Process

Pool

Pool is the most common way to in using multiprocessing. Here is a example:

from multiprocessing import Pool

def f(x):
    return x*x

if __name__ == '__main__':
    with Pool(5) as p:
        print(p.map(f, [1, 2, 3]))

There are several things worth to mention:

  • Pool() return a context manager. This is the most usual way to use Pool. __enter__() return a Pool object and __exit__() calls terminate() method.

  • Pool() uses a method map to achieve multiprocessing map.

  • You need use if __name__ == '__main__': to protect you main multiprocessings logic. There are more details about this later.

Process

Process is the raw approach to spawn a process.

from multiprocessing import Process

def f(name):
    print('hello', name)

if __name__ == '__main__':
    p = Process(target=f, args=('bob',))
    p.start()
    p.join()

Clearly, you need use start() to start a process and join() make process in which join() get called wait caller finish, e.g. main process need to wait p finish here.

join() and daemon

If in your main process, you call:

p.join() make main process wait p finished. p.daemon = True: if main process is closed, also go to close daemoned subprocess p.

Why if __name__ == ‘__main__’:

Python multiprocessing supports two basic ways to start a process: spawn and fork.
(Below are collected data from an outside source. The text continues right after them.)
(* Let $\Gamma=\langle A,B\rangle\subset\mathrm{PSL}_2(\mathbb{Z}[i])$ with $A=\begin{pmatrix}1&1\\0&1\end{pmatrix}$, $B=\begin{pmatrix}1&0\\ 1+i&1\end{pmatrix}$. If $X,Y\in\Gamma$ satisfy $\Gamma=\langle X,Y\rangle$ and $\mathrm{tr}\,X=\mathrm{tr}\,Y$, then $X$ and $Y$ are parabolic.
   Context: $\Gamma$ is the image of the discrete faithful representation of the Whitehead link group into $\mathrm{PSL}_2\mathbb{C}$; it is a finite-covolume Kleinian group with traces in $\mathbb{Z}[i]$, the ring of integers of its trace field $\mathbb{Q}(i)$. Traces are taken of lifts to $\mathrm{SL}_2\mathbb{C}$; ''$\mathrm{tr}\,X=\mathrm{tr}\,Y$'' means the elements admit lifts of equal trace. Parabolic means non-identity with $\mathrm{tr}^2=4$. *)

(* Matrices over algC (Z[i] is a subring of algC). *)
From HB Require Import structures.
From mathcomp Require Import all_boot all_order all_algebra all_field.
Set Implicit Arguments. Unset Strict Implicit. Unset Printing Implicit Defensive.
Import Order.TTheory GRing.Theory Num.Theory.
Local Open Scope ring_scope.

Definition M2 := 'M[algC]_2.

Definition mx2 (a b c d : algC) : M2 :=
  \matrix_(i < 2, j < 2)
    if (i == 0 :> nat) then (if (j == 0 :> nat) then a else b)
    else (if (j == 0 :> nat) then c else d).

Definition Amx : M2 := mx2 1 1 0 1.
Definition Bmx : M2 := mx2 1 0 (1 + 'i) 1.

Inductive gen (S : M2 -> Prop) : M2 -> Prop :=
  | gen_one : gen S 1
  | gen_mul s g : S s -> gen S g -> gen S (s * g)
  | gen_mulV s g : S s -> gen S g -> gen S (s^-1 * g).

(* The preimage in SL_2 of a subgroup <X1,...> of PSL_2 is <x1, ..., -1>. *)
Definition gen2pm (x y : M2) : M2 -> Prop :=
  gen (fun s => s = x \/ s = y \/ s = -1).

Definition GammaT : M2 -> Prop := gen2pm Amx Bmx.

(* x in SL_2 represents a parabolic element of PSL_2:
   non-identity (x <> +-1) and tr^2 = 4. *)
Definition parabolic (x : M2) : Prop :=
  x <> 1 /\ x <> -1 /\ (\tr x) ^+ 2 = 4.

From HB Require Import structures.
From mathcomp Require Import all_boot all_order all_algebra all_field.
From mathcomp Require Import ring zify.
Import GRing.Theory Num.Theory.
Local Open Scope ring_scope.

(* Put lam = 1 + i, the prime of Z[i] above 2, and lamc = 1 - i,
   so that lam * lamc = 2.  For M in SL_2 let psi M = (M01, M10, M11 - M00),
   which is linear and kills scalar matrices, and disc X Y = det (psi X, psi Y,
   psi XY).
   1. Gamma lies in the congruence group of matrices [[s + lam p, q], [lam r, s]]
      over Z[i] (GammaT_cong_lam); their traces lie in lam Z[i] (cong_lam_trace).
   2. If <X, Y> = Gamma, then by Cayley-Hamilton A, B, AB are Z[i]-combinations
      of 1, X, Y, XY (gen2pm_zspan), so -lam^2 = disc A B = k * disc X Y with
      k in Z[i] (disc_generating).
   3. Fricke: disc X Y = 4 - t^2 - u^2 - z^2 + t u z for t = tr X, u = tr Y,
      z = tr XY (disc_fricke).  When u = +-t = +-lam T and z = lam W this is
      -lam^2 P Q, so k P Q = 1 and P, Q are units of Z[i]; they differ by
      lam (lamc^2 - T^2), which forces T^2 = lamc^2, i.e. t^2 = 4
      (fricke_unit_trace).
   4. X, Y are not +-1, since otherwise disc X Y = 0 (disc_pm1). *)

(* i^2 = -1, in the form expected by the ring tactic. *)
Lemma mulii : 'i * 'i = -1 :> algC. Proof. exact: mulCii. Qed.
Their relationship is sample:

spawn = fork + execve

fork:

  • The child process, when it begins, is effectively identical to the parent process.
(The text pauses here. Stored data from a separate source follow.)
(* Averages over the N-th roots of unity omega^j of the Cauchy kernel
   G_j = 1 / (1 - x conj(omega)^j), |x| < 1, computed by expanding G_j into
   a finite geometric sum and applying discrete orthogonality. *)
Section CauchyAverages.
Variable N : nat.
Hypothesis HN : (0 < N)%nat.
Variable x : C.
Hypothesis Hx : Cmod x < 1.

Let w := unit_root N.
Let wb := Cconj (unit_root N).

Definition cauchy_kernel (j : nat) : C := (/ (1 - x * Cpow wb j))%C.

Lemma conj_root_N : Cpow wb N = RtoC 1.
Proof. unfold wb. rewrite <- Cpow_conj, unit_root_N by auto. unfold Cconj, RtoC; simpl.
  rewrite Ropp_0; auto. Qed.

Lemma Cmod_conj_root_pow j : Cmod (Cpow wb j) = 1.
Proof. unfold wb. rewrite Cmod_pow, Cmod_conj, Cmod_unit_root. apply pow1. Qed.

Lemma one_minus_xN_nz : (1 - Cpow x N)%C <> RtoC 0.
Proof.
  apply C_neq0_of_Cmod. eapply Rlt_le_trans; [|apply Cmod_1_minus].
  rewrite Cmod_pow. pose proof (Cmod_ge_0 x).
  assert (Cmod x ^ N < 1). { destruct N. lia. apply pow_lt_1_compat. lra. lia. } lra.
Qed.

Lemma cauchy_denom_nz j : (1 - x * Cpow wb j)%C <> RtoC 0.
Proof.
  apply C_neq0_of_Cmod. eapply Rlt_le_trans; [|apply Cmod_1_minus].
  rewrite Cmod_mult, Cmod_conj_root_pow. lra.
Qed.

Lemma cauchy_kernel_bound j : Cmod (cauchy_kernel j) <= / (1 - Cmod x).
Proof.
  unfold cauchy_kernel. rewrite Cmod_inv by apply cauchy_denom_nz. apply Rinv_le_contravar. lra.
  eapply Rle_trans; [|apply Cmod_1_minus]. rewrite Cmod_mult, Cmod_conj_root_pow. lra.
Qed.

Lemma cauchy_kernel_expand j : cauchy_kernel j
  = (csum (fun k => Cpow x k * Cpow (Cpow wb j) k) N / (1 - Cpow x N))%C.
Proof.
  pose proof (csum_geom (x * Cpow wb j) N) as H.
  rewrite Cpow_mult_l, Cpow_swap, conj_root_N, Cpow_1_l, Cmult_1_r in H.
  rewrite (csum_ext _ (fun k => Cpow (x * Cpow wb j) k)) by (intros; rewrite Cpow_mult_l; auto).
  unfold cauchy_kernel. assert (HD := one_minus_xN_nz). rewrite <- H in HD |- *. field.
  split; auto. apply cauchy_denom_nz.
  intros E. apply HD. rewrite E. ring.
Qed.

Lemma avg_root_cauchy m : (m < N)%nat ->
  avg N (fun j => Cpow (Cpow w j) m * cauchy_kernel j)%C = (Cpow x m / (1 - Cpow x N))%C.
Proof.
  unfold avg.
  intros Hm. assert (HNr : INR N <> 0) by (apply not_0_INR; lia).
  rewrite (csum_ext _ (fun j => / (1 - Cpow x N) * csum
    (fun k => Cpow x k * Cpow (Cpow w m * Cpow wb k) j) N)%C).
  2:{ intros j _. rewrite cauchy_kernel_expand.
      assert (E : csum (fun k => Cpow x k * Cpow (Cpow w m * Cpow wb k) j)%C N =
                  (Cpow (Cpow w j) m * csum (fun k => Cpow x k * Cpow (Cpow wb j) k)%C N)%C).
      { rewrite <- csum_scal. apply csum_ext. intros k _.
        rewrite Cpow_mult_l, (Cpow_swap w j m), (Cpow_swap wb j k). ring. }
      rewrite E. unfold Cdiv. ring. }
  rewrite csum_scal, csum_swap.
  rewrite (csum_ext _ (fun k => Cpow x k * if (m =? k)%nat then RtoC (INR N) else RtoC 0)%C).
  2:{ intros k Hk. rewrite csum_scal. unfold w, wb. rewrite root_sum_mixed by auto. auto. }
  rewrite (csum_single _ _ _ _ m) by (auto; intros; rewrite Nat.eqb_eq; lia).
  field. split. apply one_minus_xN_nz. intros E. apply HNr. injection E; auto.
Qed.

Lemma mod_eq0_below_2N e : (e < 2 * N)%nat -> ((e mod N =? 0)%nat = true <-> e = 0%nat \/ e = N).
Proof.
  intros He. rewrite Nat.eqb_eq. destruct (Compare_dec.lt_dec e N).
  - rewrite Nat.mod_small by auto. lia.
  - rewrite <- (Nat.mod_unique e N 1 (e - N)) by lia. lia.
Qed.

Lemma avg_conj_root_cauchy m : (m < N)%nat ->
  avg N (fun j => Cpow (Cpow wb j) m * cauchy_kernel j)%C =
  (Cpow x (if (m =? 0)%nat then 0 else N - m) / (1 - Cpow x N))%C.
Proof.
  unfold avg.
  intros Hm. assert (HNr : INR N <> 0) by (apply not_0_INR; lia).
  rewrite (csum_ext _ (fun j => / (1 - Cpow x N) * csum
    (fun k => Cpow x k * Cpow (Cpow wb m * Cpow wb k) j) N)%C).
  2:{ intros j _. rewrite cauchy_kernel_expand.
      assert (E : csum (fun k => Cpow x k * Cpow (Cpow wb m * Cpow wb k) j)%C N =
                  (Cpow (Cpow wb j) m * csum (fun k => Cpow x k * Cpow (Cpow wb j) k)%C N)%C).
      { rewrite <- csum_scal. apply csum_ext. intros k _.
        rewrite Cpow_mult_l, (Cpow_swap wb j m), (Cpow_swap wb j k). ring. }
      rewrite E. unfold Cdiv. ring. }
  rewrite csum_scal, csum_swap.
  rewrite (csum_ext _ (fun k => Cpow x k * if ((m + k) mod N =? 0)%nat then RtoC (INR N) else
    RtoC 0)%C).
  2:{ intros k Hk. rewrite csum_scal. unfold wb. rewrite root_sum_conj by auto. auto. }
  rewrite (csum_single _ _ _ _ (if (m =? 0)%nat then 0 else N - m)%nat).
  - field. split. apply one_minus_xN_nz. intros E. apply HNr. injection E; auto.
  - destruct (Nat.eqb_spec m 0); lia.
  - intros k Hk. rewrite mod_eq0_below_2N by lia. destruct (Nat.eqb_spec m 0); lia.
Qed.

Lemma avg_root_pow m : (m < N)%nat ->
  avg N (fun j => Cpow (Cpow w j) m)%C = if (m =? 0)%nat then RtoC 1 else RtoC 0.
Proof.
  unfold avg.
  intros Hm. assert (HNr : INR N <> 0) by (apply not_0_INR; lia).
  rewrite (csum_ext _ (fun j => Cpow (Cpow w m) j)) by (intros; apply Cpow_swap).
  unfold w. rewrite root_sum, mod_small_eq0 by auto. destruct (m =? 0)%nat.
  - field. intros E. apply HNr. injection E; auto.
  - ring.
Qed.

Lemma avg_Cmod_le (f : nat -> C) B : 0 <= B -> (forall j, (j < N)%nat -> Cmod (f j) <= B) ->
  Cmod (avg N f) <= B.
Proof.
  unfold avg.
  intros HB H. assert (HNr : 0 < INR N) by (apply lt_0_INR; lia).
  rewrite Cmod_mult, Cmod_inv, Cmod_R, Rabs_pos_eq.
  - apply Rmult_le_reg_l with (INR N); auto. rewrite <- Rmult_assoc, Rinv_r, Rmult_1_l by lra.
    eapply Rle_trans. apply csum_Cmod. eapply Rle_trans. apply rsum_le. exact H.
    rewrite rsum_const. lra.
  - lra.
  - intros E. injection E. lra.
Qed.

End CauchyAverages.

Lemma Re_cayley_formula a b : (1-a)^2 + b^2 <> 0 ->
  Re ((1 + (a,b)) / (1 - (a,b)))%C = (1 - a^2 - b^2)/((1-a)^2 + b^2).
Proof. intros H. unfold Cdiv, Cinv, Cmult, Cplus, Cminus, Copp, Re, RtoC; simpl.
field. simpl in H. lra. Qed.

Lemma cayley_bounds (y : C) s : Cmod y = s -> s < 1 ->
  (1 - s) / (1 + s) <= Re ((1 + y) / (1 - y)) /\ Cmod ((1 + y) / (1 - y)) <= (1 + s) / (1 - s).
Proof.
  intros Hs Hs1. pose proof (Cmod_ge_0 y). 
  assert (Hnz : (1 - y)%C <> RtoC 0).
  { apply C_neq0_of_Cmod. eapply Rlt_le_trans; [|apply Cmod_1_minus]. lra. }
  split.
  - destruct y as [a b]. pose proof (Cmod2_alt (a, b)) as Hsq. rewrite Hs in Hsq. simpl in Hsq.
    pose proof (re_le_Cmod (a, b)) as Ha. rewrite Hs in Ha. simpl in Ha.
    apply Rabs_le_between in Ha.
    assert (Hd : 0 < (1 - a) ^ 2 + b ^ 2) by nra.
    assert (E : Re ((1 + (a, b)) / (1 - (a, b)))%C = (1 - a ^ 2 - b ^ 2) / ((1 - a) ^ 2 + b ^ 2)).
    { apply Re_cayley_formula. lra. }
    rewrite E. apply Rmult_le_reg_r with ((1 + s) * ((1 - a) ^ 2 + b ^ 2)). nra.
    replace ((1 - s) / (1 + s) * ((1 + s) * ((1 - a) ^ 2 + b ^ 2)))
      with ((1 - s) * ((1 - a) ^ 2 + b ^ 2)) by (field; lra).
    replace ((1 - a ^ 2 - b ^ 2) / ((1 - a) ^ 2 + b ^ 2) * ((1 + s) * ((1 - a) ^ 2 + b ^ 2)))
      with ((1 - a ^ 2 - b ^ 2) * (1 + s)) by (field; lra).
    nra.
  - rewrite Cmod_div by auto. apply Rmult_le_reg_r with (Cmod (1 - y)).
    apply Cmod_gt_0; auto. unfold Rdiv at 1. rewrite Rmult_assoc, Rinv_l, Rmult_1_r.
    2:{ intros E. apply Hnz. apply Cmod_eq_0. auto. }
    pose proof (Cmod_1_minus y). pose proof (Cmod_triangle 1 y). rewrite Cmod_1 in H1.
    apply Rle_trans with (1 + s). lra.
    apply Rle_trans with ((1 + s) / (1 - s) * (1 - s)). right; field; lra.
    apply Rmult_le_compat_l. apply Rdiv_le_0_compat; lra. lra.
Qed.

(* Error terms are controlled by partial sums of t^max(k, N), which stay
   below tail_bound t N = N t^N + t^N / (1 - t); this tends to 0 with N. *)
Lemma sum_pow_max_exact (t : R) N : 0 <= t < 1 -> forall n,
  @eq R (sum_n (fun k => t ^ (Nat.max k N)) n)
  (if (n <? N)%nat then INR (S n) * t ^ N else INR N * t ^ N + (t ^ N - t ^ S n) / (1 - t)).
Proof.
  intros Ht. induction n.
  - rewrite sum_O. destruct (Nat.ltb_spec 0 N); cbv iota beta.
    + rewrite Nat.max_r by lia. simpl. ring.
    + assert (N = 0%nat) by lia. subst. simpl. field. lra.
  - rewrite sum_Sn, IHn. change (plus ?a ?b) with (a + b).
    destruct (Nat.ltb_spec n N); destruct (Nat.ltb_spec (S n) N); cbv iota beta.
    + rewrite Nat.max_r by lia. rewrite (S_INR (S n)). ring.
    + assert (S n = N) by lia. subst N. rewrite Nat.max_l by lia.
      replace (t ^ S (S n)) with (t * t ^ S n) by (simpl; ring). field. lra.
    + lia.
    + rewrite Nat.max_l by lia.
      replace (t ^ S (S n)) with (t * t ^ S n) by (simpl; ring). field. lra.
Qed.

Definition tail_bound (t : R) (N : nat) := INR N * t ^ N + t ^ N / (1 - t).

Lemma sum_pow_max_le (t : R) N : 0 <= t < 1 -> forall n,
  sum_n (fun k => t ^ (Nat.max k N)) n <= tail_bound t N.
Proof.
  intros Ht n. rewrite sum_pow_max_exact by auto. unfold tail_bound.
  pose proof (pow_le t N (proj1 Ht)). pose proof (pow_le t (S n) (proj1 Ht)).
  assert (0 <= t ^ N / (1 - t)) by (apply Rdiv_le_0_compat; lra).
  destruct (Nat.ltb_spec n N).
  - assert (INR (S n) <= INR N) by (apply le_INR; lia). nra.
  - assert ((t ^ N - t ^ S n) / (1 - t) <= t ^ N / (1 - t)).
    { unfold Rdiv. apply Rmult_le_compat_r. left; apply Rinv_0_lt_compat; lra. lra. } lra.
Qed.

Lemma tail_bound_small (t : R) : 0 <= t < 1 -> forall eps, 0 < eps -> exists N, (0 < N)%nat
  /\ tail_bound t N < eps.
Proof.
  intros Ht eps He.
  pose proof (lim_nqn t Ht) as H1. apply is_lim_seq_spec in H1.
  assert (Ht' : Rabs t < 1) by (rewrite Rabs_pos_eq; lra).
  pose proof (is_lim_seq_geom t Ht') as H2. apply is_lim_seq_spec in H2.
  destruct (H1 (mkposreal (eps / 2) ltac:(lra))) as [N1 HN1].
  destruct (H2 (mkposreal (eps / 2 * (1 - t)) ltac:(apply Rmult_lt_0_compat; lra))) as [N2 HN2].
  exists (S (N1 + N2)). split. lia.
  specialize (HN1 (S (N1 + N2)) ltac:(lia)). specialize (HN2 (S (N1 + N2)) ltac:(lia)).
  simpl pos in HN1, HN2. rewrite Rminus_0_r in HN1, HN2.
  apply Rabs_lt_between in HN1. apply Rabs_lt_between in HN2. unfold tail_bound.
  assert (t ^ S (N1 + N2) / (1 - t) < eps / 2).
  { apply Rmult_lt_reg_r with (1 - t). lra. unfold Rdiv. rewrite Rmult_assoc, Rinv_l; lra. }
  lra.
Qed.

Lemma le_of_le_plus_tail (t X Y D : R) : 0 <= t < 1 -> 0 <= D ->
  (forall N, (0 < N)%nat -> X <= Y + D * tail_bound t N) -> X <= Y.
Proof.
  intros Ht HD H. destruct (Rle_lt_dec X Y) as [|Hlt]; auto. exfalso.
  destruct (tail_bound_small t Ht ((X - Y) / (D + 1))) as [N [HN HB]].
  apply Rdiv_lt_0_compat; lra.
  specialize (H N HN). assert (0 <= tail_bound t N).
  { unfold tail_bound. apply Rplus_le_le_0_compat. apply Rmult_le_pos. apply pos_INR.
  apply pow_le; lra.
    apply Rdiv_le_0_compat. apply pow_le; lra. lra. }
  assert (D * tail_bound t N <= (D + 1) * tail_bound t N) by nra.
  assert ((D + 1) * tail_bound t N < X - Y).
  { apply Rmult_lt_reg_r with (/ (D + 1)). apply Rinv_0_lt_compat; lra.
    replace ((D + 1) * tail_bound t N * / (D + 1)) with (tail_bound t N) by (field; lra).
    exact HB. }
  lra.
Qed.

Lemma sum_n_scal_R (a : R) (u : nat -> R) n : @eq R (sum_n (fun k => a * u k) n) (a * sum_n u n).
Proof. induction n. rewrite !sum_O; auto. rewrite !sum_Sn, IHn.
  change (a * sum_n u n + a * u (S n) = a * (sum_n u n + u (S n))). ring. Qed.

Lemma series_error_bound (c e : nat -> C) (rho M t s : R) N (L : C) :
  0 <= t < 1 -> s < 1 ->
  (forall m, Cmod (c m) * rho ^ m <= M * t ^ m) -> 0 <= rho ->
  (forall m, t ^ m * Cmod (e m) <= 2 / (1 - s) * t ^ (Nat.max m N)) ->
  Cis (fun m => c m * RtoC (rho ^ m) * e m)%C L -> Cmod L <= M * (2 / (1 - s)) * tail_bound t N.
Proof.
  intros Ht Hs Hc Hr He HL. apply (Cis_norm_le _ _ _ HL). intros n.
  apply Rle_trans with (sum_n (fun k => M * (2 / (1 - s)) * t ^ (Nat.max k N)) n).
  - apply sum_n_m_le. intros k. rewrite !Cmod_mult, Cmod_RtoC_pos by (apply pow_le; auto).
    pose proof (Hc k). pose proof (He k). pose proof (Cmod_ge_0 (e k)).
    pose proof (Cmod_ge_0 (c k)). pose proof (pow_le rho k Hr).
    assert (0 <= M). { pose proof (Hc O) as X. simpl in X. pose proof (Cmod_ge_0 (c O)). nra. }
    apply Rle_trans with (M * t ^ k * Cmod (e k)). apply Rmult_le_compat_r; auto.
    replace (M * (2 / (1 - s)) * t ^ Nat.max k N) with (M * (2 / (1 - s) * t ^ Nat.max k N))
      by ring.
    rewrite Rmult_assoc. apply Rmult_le_compat_l; auto.
  - rewrite sum_n_scal_R. apply Rmult_le_compat_l.
    + assert (0 <= M). { pose proof (Hc O) as X. simpl in X. pose proof (Cmod_ge_0 (c O)). nra. }
      apply Rmult_le_pos; auto. apply Rdiv_le_0_compat; lra.
    + apply sum_pow_max_le; auto.
Qed.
  • All resources of the parent are independent and identical in child process.

spawn:

  • Basically, it’s rerun code including import module at start of each child process

  • run execve(path) which construct a new process based on path. path is copied pickable process.

  • So spawn method need lots of things pickable.

  • import module at start of each child process, including __main__ module since you need function f in your new process. That’s the main reason why you need if __name__ == '__main__': to prevent resursive.

  • Therefore, child process DON’T gets variables defined in name == main block

  • Extra execve call make this operation heavy.

Note

int execve(const char *pathname, char *const argv[], char *const envp[])

execve() executes the program referred to by pathname. This causes the program that is currently being run by the calling process to be replaced with a new program, with newly initialized stack, heap, and (initialized and uninitialized) data segments.

Caution

Neither method copies running threads into the child processes. So multithreaded process isn’t friendly.

Process Communication

Queue

from multiprocessing import Process, Queue

def f(q):
    q.put([42, None, 'hello'])

if __name__ == '__main__':
    q = Queue()
    p = Process(target=f, args=(q,))
    p.start()
    print(q.get())    # prints "[42, None, 'hello']"
    p.join()

Pipe

out, in = Pipe()

You could think out and in as two physical location in memory. You build a bridge between them. So if there is a copy out_cp and in_cp, you still could use in.send() and get by out_cp.rec().

Here is a example:

from multiprocessing import Process, Pipe
import time

def reader_proc(pipe):
    ## Read from the pipe; this will be spawned as a separate Process
    p_output, p_input = pipe
    p_input.close()    # We are only reading
    while True:
        msg = p_output.recv()    # Read from the output pipe and do nothing
        if msg=='DONE':
            break

def writer(count, p_input):
    for ii in range(0, count):
        p_input.send(ii)             # Write 'count' numbers into the input pipe
    p_input.send('DONE')

if __name__=='__main__':
    for count in [10**4, 10**5, 10**6]:
        # Pipes are unidirectional with two endpoints:  p_input ------> p_output
        p_output, p_input = Pipe()  # writer() writes to p_input from _this_ process
        reader_p = Process(target=reader_proc, args=((p_output, p_input),))
        reader_p.daemon = True
        reader_p.start()     # Launch the reader process

        p_output.close()       # We no longer need this part of the Pipe()
        _start = time.time()
        writer(count, p_input) # Send a lot of stuff to reader_proc()
        p_input.close()
        reader_p.join()
        print("Sending {0} numbers to Pipe() took {1} seconds".format(count,
            (time.time() - _start)))

In this example, we put pipe as args while construct Process. You may notice p_output is closed by main process but in reader_proc, p_output.recv() is called. If we print the id of those two p_output, you will find they are different. However, p_input in writer still could send to a copied p_output. Put pipe as args of Process will make subprocess have a builtin communication bridge. It’s pretty common to see pipe or one end appearing in args of Process. The object sent must be picklable. Very large pickles (approximately 32 MiB+, though it depends on the OS) may raise a ValueError exception.

Synchronization

By Lock

from multiprocessing import Process, Lock
from time import sleep

def f(l, i):
    l.acquire()
    try:
        print('hello world', i)
        sleep(3)
    finally:
        l.release()

if __name__ == '__main__':
    lock = Lock()

    for num in range(3):
        p = Process(target=f, args=(lock, num))
        p.start()
        p.join()

This example basically is a serial running one by one. p.join() make main process with p finish``.